[Stored data entries]

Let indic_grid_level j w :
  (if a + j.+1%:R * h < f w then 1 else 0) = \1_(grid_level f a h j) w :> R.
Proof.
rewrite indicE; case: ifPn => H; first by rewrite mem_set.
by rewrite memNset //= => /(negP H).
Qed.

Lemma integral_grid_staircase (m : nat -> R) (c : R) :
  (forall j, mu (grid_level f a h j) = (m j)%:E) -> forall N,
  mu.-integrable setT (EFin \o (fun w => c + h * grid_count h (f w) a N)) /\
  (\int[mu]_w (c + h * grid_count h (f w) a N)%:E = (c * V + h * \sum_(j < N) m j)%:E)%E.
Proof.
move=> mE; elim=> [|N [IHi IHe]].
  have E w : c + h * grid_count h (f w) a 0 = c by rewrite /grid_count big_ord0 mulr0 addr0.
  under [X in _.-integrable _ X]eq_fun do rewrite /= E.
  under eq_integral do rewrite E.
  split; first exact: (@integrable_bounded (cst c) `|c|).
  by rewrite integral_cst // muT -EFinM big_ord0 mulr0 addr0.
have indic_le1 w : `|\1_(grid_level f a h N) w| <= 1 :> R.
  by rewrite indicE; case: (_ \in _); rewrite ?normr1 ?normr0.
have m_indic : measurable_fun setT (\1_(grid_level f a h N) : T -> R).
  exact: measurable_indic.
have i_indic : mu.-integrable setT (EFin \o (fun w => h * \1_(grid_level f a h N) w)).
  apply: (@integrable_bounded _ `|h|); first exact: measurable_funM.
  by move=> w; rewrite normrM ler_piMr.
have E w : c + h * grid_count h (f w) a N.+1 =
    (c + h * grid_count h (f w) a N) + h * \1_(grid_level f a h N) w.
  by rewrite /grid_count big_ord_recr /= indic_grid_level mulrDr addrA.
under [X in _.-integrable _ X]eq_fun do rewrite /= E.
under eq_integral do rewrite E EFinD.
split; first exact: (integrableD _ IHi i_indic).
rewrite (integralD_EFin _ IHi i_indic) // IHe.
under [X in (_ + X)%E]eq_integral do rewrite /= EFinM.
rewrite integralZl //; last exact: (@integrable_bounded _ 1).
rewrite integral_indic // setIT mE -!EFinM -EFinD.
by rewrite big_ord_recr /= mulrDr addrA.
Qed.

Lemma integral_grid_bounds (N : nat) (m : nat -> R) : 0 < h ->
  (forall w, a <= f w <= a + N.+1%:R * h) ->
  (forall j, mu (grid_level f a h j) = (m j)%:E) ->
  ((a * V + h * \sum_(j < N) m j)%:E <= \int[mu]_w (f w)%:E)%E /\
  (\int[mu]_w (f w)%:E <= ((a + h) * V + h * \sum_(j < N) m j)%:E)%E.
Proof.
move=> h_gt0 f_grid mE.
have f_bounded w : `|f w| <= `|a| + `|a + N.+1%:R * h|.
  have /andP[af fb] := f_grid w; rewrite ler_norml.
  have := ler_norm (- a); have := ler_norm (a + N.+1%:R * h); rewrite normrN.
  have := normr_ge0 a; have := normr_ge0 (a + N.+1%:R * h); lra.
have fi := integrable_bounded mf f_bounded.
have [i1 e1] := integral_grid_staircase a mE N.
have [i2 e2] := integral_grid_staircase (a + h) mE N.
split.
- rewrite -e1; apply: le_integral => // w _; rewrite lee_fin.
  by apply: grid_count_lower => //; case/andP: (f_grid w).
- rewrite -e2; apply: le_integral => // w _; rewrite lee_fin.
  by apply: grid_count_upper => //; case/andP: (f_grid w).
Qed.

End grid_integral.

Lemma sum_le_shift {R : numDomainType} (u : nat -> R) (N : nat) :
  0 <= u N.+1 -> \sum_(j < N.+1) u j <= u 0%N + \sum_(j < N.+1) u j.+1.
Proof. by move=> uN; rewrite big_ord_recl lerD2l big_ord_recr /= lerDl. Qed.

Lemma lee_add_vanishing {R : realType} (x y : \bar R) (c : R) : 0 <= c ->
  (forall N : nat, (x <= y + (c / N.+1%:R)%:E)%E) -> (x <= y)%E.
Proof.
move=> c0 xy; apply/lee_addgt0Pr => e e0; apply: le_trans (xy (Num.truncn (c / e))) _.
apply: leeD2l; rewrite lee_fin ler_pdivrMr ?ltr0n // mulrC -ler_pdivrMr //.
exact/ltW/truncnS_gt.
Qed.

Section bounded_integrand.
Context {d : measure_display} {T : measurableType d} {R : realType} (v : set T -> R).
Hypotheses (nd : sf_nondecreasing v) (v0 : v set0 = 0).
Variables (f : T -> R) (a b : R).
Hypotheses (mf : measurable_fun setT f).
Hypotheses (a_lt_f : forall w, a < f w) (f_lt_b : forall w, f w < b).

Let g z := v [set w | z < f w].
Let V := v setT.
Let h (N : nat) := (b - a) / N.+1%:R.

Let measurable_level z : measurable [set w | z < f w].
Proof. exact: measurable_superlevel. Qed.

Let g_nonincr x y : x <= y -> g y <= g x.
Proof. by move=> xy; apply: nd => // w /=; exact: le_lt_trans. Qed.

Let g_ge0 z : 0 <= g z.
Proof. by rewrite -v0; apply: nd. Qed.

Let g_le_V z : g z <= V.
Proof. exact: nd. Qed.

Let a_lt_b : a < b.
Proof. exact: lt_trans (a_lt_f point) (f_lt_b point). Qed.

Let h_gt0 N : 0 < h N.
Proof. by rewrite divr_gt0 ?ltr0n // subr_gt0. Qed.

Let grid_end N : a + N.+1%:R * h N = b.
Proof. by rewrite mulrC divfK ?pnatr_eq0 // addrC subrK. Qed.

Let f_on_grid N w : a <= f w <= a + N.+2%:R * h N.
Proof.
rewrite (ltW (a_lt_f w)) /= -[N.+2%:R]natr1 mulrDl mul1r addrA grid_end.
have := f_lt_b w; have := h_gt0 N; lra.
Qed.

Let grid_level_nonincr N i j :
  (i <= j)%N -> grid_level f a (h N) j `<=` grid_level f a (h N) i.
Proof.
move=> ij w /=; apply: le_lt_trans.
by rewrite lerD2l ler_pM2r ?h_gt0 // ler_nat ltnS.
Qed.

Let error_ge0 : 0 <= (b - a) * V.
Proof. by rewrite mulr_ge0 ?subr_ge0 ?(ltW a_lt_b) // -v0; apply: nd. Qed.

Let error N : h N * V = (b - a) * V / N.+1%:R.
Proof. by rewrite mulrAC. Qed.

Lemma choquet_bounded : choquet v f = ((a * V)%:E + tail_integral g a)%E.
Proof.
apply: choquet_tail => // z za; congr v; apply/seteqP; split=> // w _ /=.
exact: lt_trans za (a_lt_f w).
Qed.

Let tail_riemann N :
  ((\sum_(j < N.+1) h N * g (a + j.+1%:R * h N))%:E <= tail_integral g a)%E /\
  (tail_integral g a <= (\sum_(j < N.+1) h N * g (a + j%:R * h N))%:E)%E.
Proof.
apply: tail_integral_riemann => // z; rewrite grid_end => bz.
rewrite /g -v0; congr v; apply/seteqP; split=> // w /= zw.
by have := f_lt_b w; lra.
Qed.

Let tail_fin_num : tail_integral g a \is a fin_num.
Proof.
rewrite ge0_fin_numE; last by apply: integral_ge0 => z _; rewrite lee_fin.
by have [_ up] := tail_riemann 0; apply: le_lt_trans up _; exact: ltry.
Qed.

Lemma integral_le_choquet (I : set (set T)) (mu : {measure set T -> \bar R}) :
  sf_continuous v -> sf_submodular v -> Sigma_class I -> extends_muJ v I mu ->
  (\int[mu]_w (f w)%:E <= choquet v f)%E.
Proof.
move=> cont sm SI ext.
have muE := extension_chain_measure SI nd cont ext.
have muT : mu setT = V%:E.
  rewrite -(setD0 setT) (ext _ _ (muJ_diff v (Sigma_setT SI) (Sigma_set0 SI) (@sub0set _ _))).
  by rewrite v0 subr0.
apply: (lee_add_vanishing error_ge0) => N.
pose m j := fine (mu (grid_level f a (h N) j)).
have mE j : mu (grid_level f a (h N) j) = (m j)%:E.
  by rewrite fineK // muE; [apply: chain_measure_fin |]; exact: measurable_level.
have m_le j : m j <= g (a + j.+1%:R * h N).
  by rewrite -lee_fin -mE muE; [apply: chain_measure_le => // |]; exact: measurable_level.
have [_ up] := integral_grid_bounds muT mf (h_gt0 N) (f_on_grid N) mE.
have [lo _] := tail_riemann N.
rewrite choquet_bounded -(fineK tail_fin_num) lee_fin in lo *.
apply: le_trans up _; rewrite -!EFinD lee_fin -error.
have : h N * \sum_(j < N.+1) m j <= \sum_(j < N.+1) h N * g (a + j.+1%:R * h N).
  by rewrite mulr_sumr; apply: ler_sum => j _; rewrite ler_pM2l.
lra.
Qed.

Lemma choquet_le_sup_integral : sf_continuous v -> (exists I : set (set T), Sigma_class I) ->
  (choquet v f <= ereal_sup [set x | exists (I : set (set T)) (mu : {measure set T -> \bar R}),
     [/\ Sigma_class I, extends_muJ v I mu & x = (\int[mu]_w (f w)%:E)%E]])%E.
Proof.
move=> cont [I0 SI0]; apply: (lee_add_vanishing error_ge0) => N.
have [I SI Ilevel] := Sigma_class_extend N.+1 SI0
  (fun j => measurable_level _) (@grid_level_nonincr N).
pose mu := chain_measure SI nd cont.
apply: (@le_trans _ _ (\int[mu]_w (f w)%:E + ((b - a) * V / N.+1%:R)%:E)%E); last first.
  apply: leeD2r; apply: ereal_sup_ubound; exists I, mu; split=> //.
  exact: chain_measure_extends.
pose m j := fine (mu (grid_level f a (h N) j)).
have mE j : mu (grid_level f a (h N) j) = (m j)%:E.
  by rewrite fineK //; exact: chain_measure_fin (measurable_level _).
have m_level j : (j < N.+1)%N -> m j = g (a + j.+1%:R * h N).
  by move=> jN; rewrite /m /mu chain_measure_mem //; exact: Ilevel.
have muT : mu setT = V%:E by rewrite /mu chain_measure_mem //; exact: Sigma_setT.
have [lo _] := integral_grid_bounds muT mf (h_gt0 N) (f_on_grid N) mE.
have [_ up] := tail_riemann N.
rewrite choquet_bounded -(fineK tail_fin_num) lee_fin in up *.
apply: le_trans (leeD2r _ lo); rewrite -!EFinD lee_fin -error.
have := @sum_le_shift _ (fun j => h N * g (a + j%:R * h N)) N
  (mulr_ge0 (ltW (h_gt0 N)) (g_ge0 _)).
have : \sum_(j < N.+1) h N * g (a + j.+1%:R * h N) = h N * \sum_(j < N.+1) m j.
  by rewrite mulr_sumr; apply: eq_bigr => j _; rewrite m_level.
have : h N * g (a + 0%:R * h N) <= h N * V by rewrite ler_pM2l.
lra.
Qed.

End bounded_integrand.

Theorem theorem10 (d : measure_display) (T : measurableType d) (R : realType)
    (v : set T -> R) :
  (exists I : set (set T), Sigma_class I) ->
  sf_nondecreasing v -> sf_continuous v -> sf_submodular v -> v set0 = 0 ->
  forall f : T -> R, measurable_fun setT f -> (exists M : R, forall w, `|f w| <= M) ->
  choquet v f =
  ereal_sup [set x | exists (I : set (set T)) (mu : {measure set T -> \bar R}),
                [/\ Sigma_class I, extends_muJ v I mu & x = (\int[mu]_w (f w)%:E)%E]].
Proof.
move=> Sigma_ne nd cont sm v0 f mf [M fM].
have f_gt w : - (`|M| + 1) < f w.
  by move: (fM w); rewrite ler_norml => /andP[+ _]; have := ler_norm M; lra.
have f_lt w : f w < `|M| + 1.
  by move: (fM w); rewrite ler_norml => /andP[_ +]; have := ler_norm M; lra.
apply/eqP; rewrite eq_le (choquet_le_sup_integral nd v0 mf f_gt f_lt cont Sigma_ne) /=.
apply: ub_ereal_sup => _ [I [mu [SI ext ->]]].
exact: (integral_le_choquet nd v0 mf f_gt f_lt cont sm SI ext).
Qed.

(Try it)
Wherever the word "last" appears in a line of the data above, copy that line.

(Answer to the exercise)
rewrite integralZl //; last exact: (@integrable_bounded _ 1).
rewrite ge0_fin_numE; last by apply: integral_ge0 => z _; rewrite lee_fin.
apply: (@le_trans _ _ (\int[mu]_w (f w)%:E + ((b - a) * V / N.+1%:R)%:E)%E); last first.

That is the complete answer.